_Your assignment_: Write out the line that contains "(pi s a / pol" and every line after it through the end of the entries, exactly as given and with no other lines.

_Collected data_:
====

Lemma J_Vf rho pik : is_distr rho -> is_policy pik ->
  J p r rho gamma pik = \sum_s rho s * Vf p r gamma pik s.
Proof.
move=> hrho hpik; rewrite /J.
have -> : init_sa rho pik = fun x b => \sum_s rho s * init_sa (point_mass s) pik x b.
  apply/funext => x; apply/funext => b; rewrite /init_sa /point_mass.
  by under eq_bigr do rewrite mulrA; rewrite -mulr_suml sum_mul_indicator.
rewrite disc_return_sum // => s.
exact: is_joint_distr_init (is_distr_point_mass s) hpik.
Qed.

End DiscountedReturn.

Lemma flow_telescope (R : comPzRingType) (S : finType) (gamma : R) (D rho V : S -> R)
    (P : S -> S -> R) :
  (forall s', D s' = rho s' + gamma * \sum_s D s * P s s') ->
  \sum_s D s * (gamma * \sum_s' P s s' * V s' - V s) = - \sum_s rho s * V s.
Proof.
move=> flow.
have shift : \sum_s D s * (gamma * \sum_s' P s s' * V s') = \sum_s' (D s' - rho s') * V s'.
  under [RHS]eq_bigr => s' _ do rewrite {1}flow addrAC subrr add0r mulr_sumr mulr_suml.
  under [LHS]eq_bigr => s _ do rewrite 2!mulr_sumr.
  by rewrite exchange_big /=; apply: eq_bigr => s' _; apply: eq_bigr => s _; ring.
under eq_bigr do rewrite mulrBr.
by rewrite sumrB shift -sumrB -sumrN; apply: eq_bigr => s _; ring.
Qed.

Section Occupancy.
Variables (R : realType) (S A : finType) (p : S -> A -> S -> R) (gamma : R).
Hypotheses (hp : is_kernel p) (hg0 : 0 <= gamma) (hg1 : gamma < 1).
Variables (pi : S -> A -> R) (rho : S -> R).
Hypotheses (hpi : is_policy pi) (hrho : is_distr rho).

Definition state_marg t s := \sum_a marg p pi (init_sa rho pi) t s a.

Definition occ s := inf_sum (fun t => gamma ^+ t * state_marg t s).

Lemma marg_initE t s a : marg p pi (init_sa rho pi) t s a = state_marg t s * pi s a.
Proof.
rewrite /state_marg; case: t => [|t] /=.
  by rewrite /init_sa -mulr_sumr (proj2 hpi) mulr1.
by rewrite -mulr_sumr (proj2 hpi) mulr1.
Qed.

Lemma state_marg0 s : state_marg 0 s = rho s.
Proof. by rewrite /state_marg /= /init_sa -mulr_sumr (proj2 hpi) mulr1. Qed.

Lemma state_margS t s' : state_marg t.+1 s' = \sum_s state_marg t s * trans p pi s s'.
Proof.
rewrite /state_marg /= -mulr_sumr (proj2 hpi) mulr1; apply: eq_bigr => s _.
rewrite /trans mulr_sumr; apply: eq_bigr => a _.
by rewrite -/(state_marg t s) marg_initE mulrA.
Qed.

Lemma state_marg_bound t s : 0 <= state_marg t s <= 1.
Proof.
have [m0 m1] := is_joint_distr_marg hp t hpi (is_joint_distr_init hrho hpi).
have ge0 x : 0 <= state_marg t x by apply: sumr_ge0.
by rewrite ge0 -m1 (ler_sum_term (state_marg t)).
Qed.

Lemma sums_to_occ s : sums_to (fun t => gamma ^+ t * state_marg t s) (occ s).
Proof.
have [l hl] : exists l, sums_to (fun t => gamma ^+ t * state_marg t s) l.
  apply: (@sums_to_discounted _ _ gamma 1) => // t.
  by have /andP[m0 m1] := state_marg_bound t s; rewrite ger0_norm.
by rewrite /occ (sums_to_inf_sum hl).
Qed.

Lemma occ_ge0 s : 0 <= occ s.
Proof.
apply: (sums_to_ge0 _ (sums_to_occ s)) => t.
by rewrite mulr_ge0 ?exprn_ge0 //; case/andP: (state_marg_bound t s).
Qed.

Lemma occ_flow s' : occ s' = rho s' + gamma * \sum_s occ s * trans p pi s s'.
Proof.
have h := sums_to_sum (index_enum S)
  (fun s => sums_toZ (gamma * trans p pi s s') (sums_to_occ s)).
have h1 : sums_to (fun t => gamma ^+ t.+1 * state_marg t.+1 s')
    (\sum_s gamma * trans p pi s s' * occ s).
  apply: eq_sums_to h => t; rewrite state_margS exprS mulr_sumr.
  by apply: eq_bigr => s _; ring.
rewrite {1}/occ (sums_to_inf_sum (sums_toS (u := fun t => gamma ^+ t * state_marg t s') h1)).
rewrite /= expr0 mul1r state_marg0 mulr_sumr.
by congr (_ + _); apply: eq_bigr => s _; ring.
Qed.

Lemma J_occ r : J p r rho gamma pi = \sum_s occ s * \sum_a pi s a * r s a.
Proof.
have h := sums_to_sum (index_enum S)
  (fun s => sums_toZ (\sum_a pi s a * r s a) (sums_to_occ s)).
rewrite (eq_bigr _ (fun s _ => mulrC _ _)) -(sums_to_inf_sum h).
congr inf_sum; apply/funext => t; rewrite mulr_sumr; apply: eq_bigr => s _.
by under eq_bigr do rewrite marg_initE -mulrA; rewrite -mulr_sumr; ring.
Qed.

End Occupancy.

Lemma ler_sum_mul_norm1 (R : realDomainType) (I : finType) (x f : I -> R) C :
  (forall i, `|f i| <= C) -> \sum_i x i * f i <= C * \sum_i `|x i|.
Proof.
move=> hC; rewrite mulr_sumr; apply: ler_sum => i _.
by apply: (le_trans (ler_norm _)); rewrite normrM mulrC ler_wpM2r.
Qed.

Lemma ler_norm1_stochastic (R : numDomainType) (S : finType) (x : S -> R) (Q : S -> S -> R) :
  (forall s s', 0 <= Q s s') -> (forall s, \sum_s' Q s s' = 1) ->
  \sum_s' `|\sum_s x s * Q s s'| <= \sum_s `|x s|.
Proof.
move=> Q0 Q1.
apply: (@le_trans _ _ (\sum_s' \sum_s `|x s| * Q s s')).
  apply: ler_sum => s' _; apply: (le_trans (ler_norm_sum _ _ _)).
  by apply: ler_sum => s _; rewrite normrM (ger0_norm (Q0 s s')).
by rewrite exchange_big /=; apply: ler_sum => s _; rewrite -mulr_sumr Q1 mulr1.
Qed.

(* [pi / pi'] is [0] where [pi'] vanishes; the support hypothesis makes [pi] vanish
   there too. *)
Lemma sum_importance_weight (R : fieldType) (S A : finType) (w : S -> R)
    (pi pi' g : S -> A -> R) :
  (forall s a, pi' s a = 0 -> pi s a = 0) ->
  \sum_s \sum_a (w s * pi' s a) * (pi s a / pi' s a * g s a) =
  \sum_s w s * \sum_a pi s a * g s a.
Proof.
move=> supp; apply: eq_bigr => s _; rewrite mulr_sumr; apply: eq_bigr => a _.
have [z|nz] := eqVneq (pi' s a) 0; last by field.
by rewrite z (supp s a z) !(mulr0, mul0r).
Qed.

Section PerformanceBounds.
Variables (R : realType) (S A : finType) (p : S -> A -> S -> R) (r : S -> A -> R).
Variable gamma : R.
Hypotheses (hp : is_kernel p) (hg0 : 0 <= gamma) (hg1 : gamma < 1).

Lemma dvisE rho pi s : dvis p rho gamma pi s = (1 - gamma) * occ p gamma pi rho s.
Proof. by []. Qed.

Lemma performance_difference pi pik rho :
  is_policy pi -> is_policy pik -> is_distr rho ->
  J p r rho gamma pi - J p r rho gamma pik =
  \sum_s occ p gamma pi rho s * \sum_a pi s a * Adv p r gamma pik s a.
Proof.
move=> hpi hpik hrho; set V := Vf p r gamma pik.
have adv_avg s : \sum_a pi s a * Adv p r gamma pik s a =
    \sum_a pi s a * r s a + (gamma * \sum_s' trans p pi s s' * V s' - V s).
  rewrite /Adv; under eq_bigr do rewrite (Qf_bellman r hp hg0 hg1) // mulrBr mulrDr.
  rewrite sumrB big_split /= -mulr_suml (proj2 hpi) mul1r -addrA; congr (_ + (_ - _)).
  rewrite /trans; under [X in _ = _ * X]eq_bigr do rewrite mulr_suml.
  rewrite exchange_big /= mulr_sumr; apply: eq_bigr => a _.
  by rewrite mulrCA mulr_sumr; congr (_ * _); apply: eq_bigr => s' _; rewrite mulrA.
under eq_bigr do rewrite adv_avg mulrDr.
rewrite big_split /= (flow_telescope V (occ_flow hp hg0 hg1 hpi hrho)).
by rewrite -(J_occ hp hg0 hg1 hpi hrho) -(J_Vf r hp hg0 hg1 hrho hpik).
Qed.

Lemma trans_dist_le pi pi' s : is_policy pi -> is_policy pi' ->
  \sum_s' `|trans p pi s s' - trans p pi' s s'| <= \sum_a `|pi s a - pi' s a|.
Proof.
move=> hpi hpi'.
apply: (@le_trans _ _ (\sum_s' \sum_a `|pi s a - pi' s a| * p s a s')).
  apply: ler_sum => s' _; rewrite /trans -sumrB.
  apply: (le_trans (ler_norm_sum _ _ _)); apply: ler_sum => a _.
  by rewrite -mulrBl normrM (ger0_norm (proj1 hp s a s')).
rewrite exchange_big /=; apply: ler_sum => a _.
by rewrite -mulr_sumr (proj2 hp) mulr1.
Qed.

Lemma occ_dist_le pi pi' rho : is_policy pi -> is_policy pi' -> is_distr rho ->
  (1 - gamma) * \sum_s `|occ p gamma pi rho s - occ p gamma pi' rho s| <=
  gamma * \sum_s occ p gamma pi' rho s * \sum_a `|pi s a - pi' s a|.
Proof.
move=> hpi hpi' hrho.
set D1 := occ p gamma pi rho; set D2 := occ p gamma pi' rho.
set N := \sum_s `|D1 s - D2 s|; set T := \sum_s D2 s * \sum_a `|pi s a - pi' s a|.
have flow_diff s' : D1 s' - D2 s' = gamma * (\sum_s (D1 s - D2 s) * trans p pi s s' +
     \sum_s D2 s * (trans p pi s s' - trans p pi' s s')).
  rewrite /D1 /D2 (occ_flow hp hg0 hg1 hpi hrho s') (occ_flow hp hg0 hg1 hpi' hrho s').
  rewrite -/D1 -/D2.
  rewrite -big_split /= [X in _ = _ * X](_ : _ = \sum_s D1 s * trans p pi s s' -
      \sum_s D2 s * trans p pi' s s'); first ring.
  by rewrite -sumrB; apply: eq_bigr => s _; ring.
have : N <= gamma * (N + T).
  rewrite {1}/N; under eq_bigr => s' _ do rewrite flow_diff normrM (ger0_norm hg0).
  rewrite -mulr_sumr ler_wpM2l //.
  apply: (le_trans (ler_sum _ (fun s' _ => ler_normD _ _))).
  rewrite big_split /= lerD //.
    by apply: ler_norm1_stochastic => [s s'|s]; [exact: trans_ge0 | exact: trans_sum1].
  apply: (@le_trans _ _ (\sum_s' \sum_s D2 s * `|trans p pi s s' - trans p pi' s s'|)).
    apply: ler_sum => s' _; apply: (le_trans (ler_norm_sum _ _ _)).
    by apply: ler_sum => s _; rewrite normrM ger0_norm // occ_ge0.
  rewrite exchange_big /=; apply: ler_sum => s _; rewrite -mulr_sumr.
  by rewrite ler_wpM2l ?occ_ge0 ?trans_dist_le.
by rewrite -/N -/T; lra.
Qed.

Lemma occ_change_le pi pi' rho (f : S -> R) C :
  is_policy pi -> is_policy pi' -> is_distr rho -> 0 <= C -> (forall s, `|f s| <= C) ->
  \sum_s occ p gamma pi' rho s * f s
    - C * gamma / (1 - gamma) * \sum_s occ p gamma pi' rho s * \sum_a `|pi s a - pi' s a|
  <= \sum_s occ p gamma pi rho s * f s.
Proof.
move=> hpi hpi' hrho C0 hC.
set D1 := occ p gamma pi rho; set D2 := occ p gamma pi' rho.
set T := \sum_s D2 s * \sum_a `|pi s a - pi' s a|.
have hN : \sum_s `|D2 s - D1 s| <= gamma / (1 - gamma) * T.
  rewrite mulrAC ler_pdivlMr ?subr_gt0 // mulrC.
  by under eq_bigr do rewrite distrC; exact: occ_dist_le.
have key := le_trans (ler_sum_mul_norm1 (fun s => D2 s - D1 s) hC) (ler_wpM2l C0 hN).
have eD : \sum_s (D2 s - D1 s) * f s = \sum_s D2 s * f s - \sum_s D1 s * f s.
  by rewrite -sumrB; apply: eq_bigr => s _; rewrite mulrBl.
by move: key; rewrite eD !mulrA; lra.
Qed.

Lemma surrogate_lower_bound pi pik pi' rho C :
  is_policy pi -> is_policy pik -> is_policy pi' -> is_distr rho ->
  (forall s a, pi' s a = 0 -> pi s a = 0) -> 0 <= C ->
  (forall s, `|\sum_a pi s a * Adv p r gamma pik s a| <= C) ->
  (1 - gamma)^-1 * \sum_s \sum_a (dvis p rho gamma pi' s * pi' s a) *
      (pi s a / pi' s a * Adv p r gamma pik s a)
  - (2 * gamma * C) / (1 - gamma) ^+ 2 * \sum_s dvis p rho gamma pi' s * TV pi pi' s
  <= J p r rho gamma pi - J p r rho gamma pik.
Proof.
move=> hpi hpik hpi' hrho supp C0 hC.
rewrite sum_importance_weight // (performance_difference hpi hpik hrho).
under eq_bigr do rewrite dvisE -mulrA; rewrite -mulr_sumr.
set T := \sum_s occ p gamma pi' rho s * \sum_a `|pi s a - pi' s a|.
have -> : \sum_s dvis p rho gamma pi' s * TV pi pi' s = (1 - gamma) / 2 * T.
  by rewrite /T mulr_sumr; apply: eq_bigr => s _; rewrite dvisE /TV; field.
have -> x : (1 - gamma)^-1 * ((1 - gamma) * x) -
    2 * gamma * C / (1 - gamma) ^+ 2 * ((1 - gamma) / 2 * T) = x - C * gamma / (1 - gamma) * T.
  by field; rewrite subr_eq0 eq_sym lt_eqF.
exact: occ_change_le.
Qed.

End PerformanceBounds.

Unset Implicit Arguments.

Theorem theorem1 (R : realType) (S A : finType)
  (p : S -> A -> S -> R) (r : S -> A -> R) (rho0 : S -> R) (gamma : R)
  (k : nat) (pol : nat -> S -> A -> R) (pi : S -> A -> R) (nu : 'I_k.+1 -> R) :
  is_kernel p -> is_distr rho0 -> 0 <= gamma -> gamma < 1 ->
  is_policy pi -> (forall j, (j <= k)%N -> is_policy (pol j)) ->
  (forall i, 0 <= nu i <= 1) -> \sum_(i < k.+1) nu i = 1 ->
  (forall i : 'I_k.+1, 0 < nu i -> forall s a, pol (k - i)%N s a = 0 -> pi s a = 0) ->
  let Ak := Adv p r gamma (pol k) in
  let C := \big[Num.max/0]_(s : S) `|\sum_(a : A) pi s a * Ak s a| in
  J p r rho0 gamma pi - J p r rho0 gamma (pol k) >=
    (1 - gamma)^-1 *
      \sum_(i < k.+1) nu i *
        \sum_(s : S) \sum_(a : A)
          (dvis p rho0 gamma (pol (k - i)%N) s * pol (k - i)%N s a) *
          (pi s a / pol (k - i)%N s a * Ak s a)
    - (2 * gamma * C) / (1 - gamma) ^+ 2 *
      \sum_(i < k.+1) nu i *
        \sum_(s : S) dvis p rho0 gamma (pol (k - i)%N) s * TV pi (pol (k - i)%N) s.
Proof.
move=> hp hrho hg0 hg1 hpi hpol hnu hnu1 hsupp /=.
set Ak := Adv p r gamma (pol k); set C := \big[Num.max/0]_s _.
have hC s : `|\sum_a pi s a * Ak s a| <= C by exact: le_bigmax.
have C0 : 0 <= C by exact: bigmax_ge_id.
have -> : J p r rho0 gamma pi - J p r rho0 gamma (pol k) =
    \sum_(i < k.+1) nu i * (J p r rho0 gamma pi - J p r rho0 gamma (pol k)).
  by rewrite -mulr_suml hnu1 mul1r.
rewrite !mulr_sumr -sumrB; apply: ler_sum => i _.
rewrite mulrCA [X in _ - X]mulrCA -mulrBr.
have /andP[+ _] := hnu i; rewrite le_eqVlt => /orP[/eqP <-|nu_pos].
  by rewrite !mul0r.
apply: (ler_wpM2l (ltW nu_pos)).
apply: surrogate_lower_bound => //.
- exact: hpol.
- exact/hpol/leq_subr.
- exact: hsupp.
Qed.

====

_Response to the exercise_:
          (pi s a / pol (k - i)%N s a * Ak s a)
    - (2 * gamma * C) / (1 - gamma) ^+ 2 *
      \sum_(i < k.+1) nu i *
        \sum_(s : S) dvis p rho0 gamma (pol (k - i)%N) s * TV pi (pol (k - i)%N) s.
Proof.
move=> hp hrho hg0 hg1 hpi hpol hnu hnu1 hsupp /=.
set Ak := Adv p r gamma (pol k); set C := \big[Num.max/0]_s _.
have hC s : `|\sum_a pi s a * Ak s a| <= C by exact: le_bigmax.
have C0 : 0 <= C by exact: bigmax_ge_id.
have -> : J p r rho0 gamma pi - J p r rho0 gamma (pol k) =
    \sum_(i < k.+1) nu i * (J p r rho0 gamma pi - J p r rho0 gamma (pol k)).
  by rewrite -mulr_suml hnu1 mul1r.
rewrite !mulr_sumr -sumrB; apply: ler_sum => i _.
rewrite mulrCA [X in _ - X]mulrCA -mulrBr.
have /andP[+ _] := hnu i; rewrite le_eqVlt => /orP[/eqP <-|nu_pos].
  by rewrite !mul0r.
apply: (ler_wpM2l (ltW nu_pos)).
apply: surrogate_lower_bound => //.
- exact: hpol.
- exact/hpol/leq_subr.
- exact: hsupp.
Qed.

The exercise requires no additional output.